# 2001 eurovan brake indicator and beeping



## lcjhorvath (May 19, 2009)

my brake indicator will not go away even though the parking brake is NOT engaged. and the van beeps the entire time i drive and it is driving me insane! my husband thought maybe the sensor was stuck under the cover of the parking brake, but that was not the case. also, the windshield wipers, headlights, and AC do not work while this is going on! any ideas? is it electrical? please help!


----------



## dan0954 (Mar 4, 2009)

*Re: 2001 eurovan brake indicator and beeping (lcjhorvath)*

The brake light on my Jetta will also light up if the brake fluid is too low. I don't know if it messes with all the other stuff though.


----------



## lcjhorvath (May 19, 2009)

*Re: 2001 eurovan brake indicator and beeping (dan0954)*

well, we've checked the brake fluid level and that's not the problem...


----------



## 1979type2teach (Sep 16, 2008)

*Re: 2001 eurovan brake indicator and beeping (lcjhorvath)*

Do you have a Bently?

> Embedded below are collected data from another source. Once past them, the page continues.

Lemma lcoef_phi_pown_lt j u : u < - j%:Z -> lcoef (lpown Phi j) u = 0.
Proof. by move=> u_lt; rewrite lcoef_lt_lexp // lexp_phi_pown. Qed.

Lemma lcoef_phi_pown_lead j : lcoef (lpown Phi j) (- j%:Z) = 1.
Proof.
have := lcoef_lexpD (lpown Phi j) 0; rewrite lexp_phi_pown addr0 => ->.
by rewrite lps_lpown psexp_coef0.
Qed.

Lemma lmul_phi_pown_inv_pown j l : lmul (lpown Phi j) (lpown phi_inv l) =
  if (l <= j)%N then lpown Phi (j - l) else lpown phi_inv (l - j).
Proof.
elim: j l => [|j IH] [|l]; rewrite ?lmul1l ?lmul1r ?subn0 //.
rewrite !lpownS lmulA -(lmulA (lpown Phi j)) (lmulC (lpown Phi j) phi_inv).
by rewrite lmulA -lmulA (lmulC Phi) lmul_phi_inv lmul1l IH.
Qed.

Lemma lres_phi_inv_dphi : lres (lmul phi_inv (dphi x)) = -1.
Proof.
rewrite lcoefE /= /psmul /= big_nat1 /psinv1 /= big_nat1 /=.
by rewrite /ps1 /= mul1r /phic /= mulN1r.
Qed.

End Phi.

Section PhiPowResidue.
Variable R : comNzRingType.

Definition phi_pow_residue (x : nat -> R) (a : nat) : R :=
  psmul (psexp (lps (phi x)) a) (lps (dphi x)) a.+1.

Lemma lres_phi_pown_dphi x a : lres (lmul (lpown (phi x) a) (dphi x)) = phi_pow_residue x a.
Proof.
rewrite lcoefE lexp_lmul lexp_lpown lexp_phi lexp_dphi ifT; last by lia.
by rewrite /= lps_lpown; congr psmul; lia.
Qed.

Lemma phi_pow_residue_torsion x a : a.+1%:R * phi_pow_residue x a = 0.
Proof.
have := psweight_psexp (-1) (lps (phi x)) a a.+1.
by rewrite /psweight mulrN1 addNr mul0r => /esym.
Qed.

Lemma phi_pow_residue_local (x x' : nat -> R) a :
  (forall j, (j <= a)%N -> x j = x' j) -> phi_pow_residue x a = phi_pow_residue x' a.
Proof.
move=> xx'; have phiE j : (j <= a.+1)%N -> lps (phi x) j = lps (phi x') j.
  move=> ja; rewrite !lps_phi /phic; case: ifP => // _.
  by case E: (j%:Z - 1) => [[|k]|k] //=; rewrite xx' //; lia.
apply: (@psmul_eq_upto _ a.+1) => // j ja; first exact: psexp_eq_upto phiE ja.
by rewrite !lps_dphi phiE.
Qed.

End PhiPowResidue.

Lemma rmorph_phi_pow_residue (T R : comNzRingType) (f : {rmorphism T -> R}) y a :
  f (phi_pow_residue y a) = phi_pow_residue (f \o y) a.
Proof.
have rmorph_phi i : f (lps (phi y) i) = lps (phi (f \o y)) i.
  rewrite !lps_phi /phic; case: ifP => _; first exact: rmorph1.
  by case: (i%:Z - 1) => [[|j]|j]; rewrite ?rmorph0.
have comp_phi : f \o lps (phi y) = lps (phi (f \o y)).
  exact: functional_extensionality rmorph_phi.
rewrite rmorph_psmul rmorph_psexp comp_phi; congr psmul.
apply: functional_extensionality => i.
by rewrite /comp !lps_dphi rmorphM rmorph_int rmorph_phi.
Qed.

Lemma phi_pow_residue_eq0 (R : comNzRingType) (x : nat -> R) a : phi_pow_residue x a = 0.
Proof.
pose y (j : nat) : {mpoly int[a.+1]} := if (j < a.+1)%N then 'X_(inord j) else 0.
pose f : {rmorphism {mpoly int[a.+1]} -> R} := mmap (intmul 1) (fun i : 'I_a.+1 => x i).
have y0 : phi_pow_residue y a = 0.
  apply/mpolyP => m; have /eqP := congr1 (mcoeff m) (phi_pow_residue_torsion y a).
  by rewrite mulr_natl mcoeffMn mcoeff0 mulrn_eq0 => /eqP.
rewrite (@phi_pow_residue_local _ _ (f \o y)) -?rmorph_phi_pow_residue ?y0 ?rmorph0 // => j ja.
by rewrite /= /y ltnS ja mmapX mmap1U inordK.
Qed.

Section Projection.
Variables (R : comNzRingType) (x : nat -> R).
Local Notation Phi := (phi x).

Lemma lres_phi_pown_dual j k : lres (lmul (lpown Phi j) (phi_dual x k)) = - (j == k)%:R.
Proof.
rewrite -lmulA lmul_phi_pown_inv_pown; case: ifP => [kj|jk].
  by rewrite lres_phi_pown_dphi phi_pow_residue_eq0 gtn_eqF ?oppr0.
case: (eqVneq j k) => [->|neq_jk]; first by rewrite subSnn lpownS lmul1r lres_phi_inv_dphi.
by rewrite lcoef_lt_lexp ?oppr0 // lexp_lmul lexp_phi_inv_pown lexp_dphi; lia.
Qed.

Lemma peel_decomposition (F : laurent R) J : exists d : nat -> R,
  (forall u, lcoef (peel x F J) u = lcoef F u - \sum_(j < J.+1) d j * lcoef (lpown Phi j) u) /\
  ((forall u, u < - J%:Z -> lcoef F u = 0) -> forall u, u <= 0 -> lcoef (peel x F J) u = 0).
Proof.
elim: J F => [|J IH] F.
  exists (fun _ => lcoef F 0); split => [u|F0 u u_le0].
    by rewrite lcoef_lsub lcoef_lscale big_ord1.
  rewrite lcoef_lsub lcoef_lscale lcoef_lone.
  have [u_lt0|->] : u < 0 \/ u = 0 by lia.
    by rewrite F0 // lt_eqF // mulr0 subr0.
  by rewrite mulr1 subrr.
set c := lcoef F (- J.+1%:Z); set F' := lsub F (lscale c (lpown Phi J.+1)).
have [d [peelE peel0]] := IH F'.
exists (fun j => if j == J.+1 then c else d j); split => [u|F_J u u_le0].
  rewrite [peel _ _ _]/= -/F' peelE lcoef_lsub lcoef_lscale [in RHS]big_ord_recr /= -lpownS.
  rewrite eqxx [in RHS](eq_bigr (fun j : 'I_J.+1 => d j * lcoef (lpown Phi j) u)); last first.
    by move=> [j /= j_lt] _; rewrite ifF //; lia.
  by rewrite opprD addrA addrAC.
apply: peel0 => // v v_lt; rewrite lcoef_lsub lcoef_lscale.
have [v_lt'|->] : v < - J.+1%:Z \/ v = - J.+1%:Z by lia.
  by rewrite F_J // lcoef_phi_pown_lt // mulr0 subr0.
by rewrite lcoef_phi_pown_lead mulr1 subrr.
Qed.

Lemma lcoef_peel F J u : (forall v, v < - J%:Z -> lcoef F v = 0) ->
  lcoef (peel x F J) u =
    lcoef F u + \sum_(k < J.+1) lres (lmul F (phi_dual x k)) * lcoef (lpown Phi k) u.
Proof.
move=> F_J; have [d [peelE /(_ F_J) peel0]] := peel_decomposition F J.
rewrite peelE -sumrN; congr (_ + _); apply: eq_bigr => -[k /= k_lt] _.
have dual_lt v : v < k%:Z - 1 -> lcoef (phi_dual x k) v = 0.
  by move=> v_lt; rewrite lcoef_lt_lexp // lexp_phi_dual.
have : lres (lmul (peel x F J) (phi_dual x k)) = 0.
  by apply: (lcoef_lmul_eq0 (a := 1) _ dual_lt) => [v v_lt|]; [apply: peel0 | ]; lia.
rewrite (lcoef_lmul_lincomb (-1) peelE F_J _ dual_lt); last first.
  by move=> j v j_lt v_lt; apply: lcoef_phi_pown_lt; lia.
have -> : \sum_(j < J.+1) d j * lres (lmul (lpown Phi j) (phi_dual x k)) = - d k.
  rewrite (bigD1 (Ordinal k_lt)) //= lres_phi_pown_dual eqxx mulrN1 big1 ?addr0 //.
  move=> j neq_jk; have /negbTE j_neq : (j : nat) != k := neq_jk.
  by rewrite lres_phi_pown_dual j_neq oppr0 mulr0.
by rewrite opprK => /eqP; rewrite addr_eq0 => /eqP ->; rewrite mulNr.
Qed.

Lemma lcoef_Pphi F u : lcoef (Pphi x F) u = lcoef F u +
  \sum_(k < (absz (Num.min 0 (lexp F))).+1) lres (lmul F (phi_dual x k)) * lcoef (lpown Phi k) u.
Proof.
apply: lcoef_peel => v v_lt; apply: lcoef_lt_lexp.
have min_le0 : Num.min 0 (lexp F) <= 0 by rewrite ge_min lexx.
have min_le : Num.min 0 (lexp F) <= lexp F by rewrite ge_min lexx orbT.
lia.
Qed.

End Projection.

Theorem mainTheorem15 (R : comNzRingType) (x : nat -> R) (n : int) (m : nat) :
  (0 < m)%N ->
  lcoef (fser x (1 - n)) m%:Z =
    (n + m%:Z)%:~R * phic x (n + m%:Z) +
    (if (0 <= n + 1) then
       \sum_(0 <= k < absz (n + 2)) Acoef x 0 k%:Z m%:Z * Acoef x 2 (- k%:Z - 1) n
     else 0).
Proof.
move=> m_gt0; set F := lmul (lmonom R (1 - n)) (dphi x).
have lexpF : lexp F = -1 - n by rewrite lexp_lmul lexp_dphi /=; lia.
have lcoefF u : lcoef F u = (u + n)%:~R * phic x (u + n).
  by rewrite lcoef_lmonom_lmul lcoef_dphi; congr (_%:~R * phic x _); lia.
have residueF k : lres (lmul F (phi_dual x k)) = Acoef x 2 (- k%:Z - 1) n.
  rewrite /Acoef (_ : - k%:Z - 1 = Negz k); last by rewrite NegzE; lia.
  rewrite lmulA lcoef_lmonom_lmul [lmul (dphi x) _]lmulC lmulA !lpownS lmul1r.
  by congr lcoef; lia.
have A0 k u : lcoef (lpown (phi x) k) u = Acoef x 0 k u by rewrite /Acoef lmul1r subr0.
rewrite /fser -/F lcoef_Pphi lcoefF (addrC m%:Z) lexpF.
case: ifP => [n_ge|n_lt]; congr (_ + _).
  rewrite min_r; last by lia.
  rewrite (_ : (absz (-1 - n)%R).+1 = absz (n + 2)%R); last by lia.
  by rewrite big_mkord; apply: eq_bigr => k _; rewrite residueF A0 mulrC.
rewrite min_l; last by lia.
by rewrite big_ord1 lcoef_lone eqz_nat (negbTE (lt0n_neq0 m_gt0)) mulr0.
Qed.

Or a wiring diagram?
My guess is that the switch is a "ground out" switch, and somewhere along the line, that wire has gotten frayed and is grounding itself out on the chassis of your van. Hence the constant beeping. Time to do some looking...


----------



## G60Driver (Mar 6, 2002)

*Re: 2001 eurovan brake indicator and beeping (1979type2teach)*

I'm having a somewhat similar problem on my GTI 337. It seems that ONLY when my RECIRC switch (on the HVAC panel) is in the ON position, my brake warning light comes on in the cluster and it beeps at me. When I turn the RECIRC switch OFF, it goes away. Does that sound like a grounding problem too? It's driving me crazy. My A/C also doesn't work at all now, since this happened the first time. HELP!!!


----------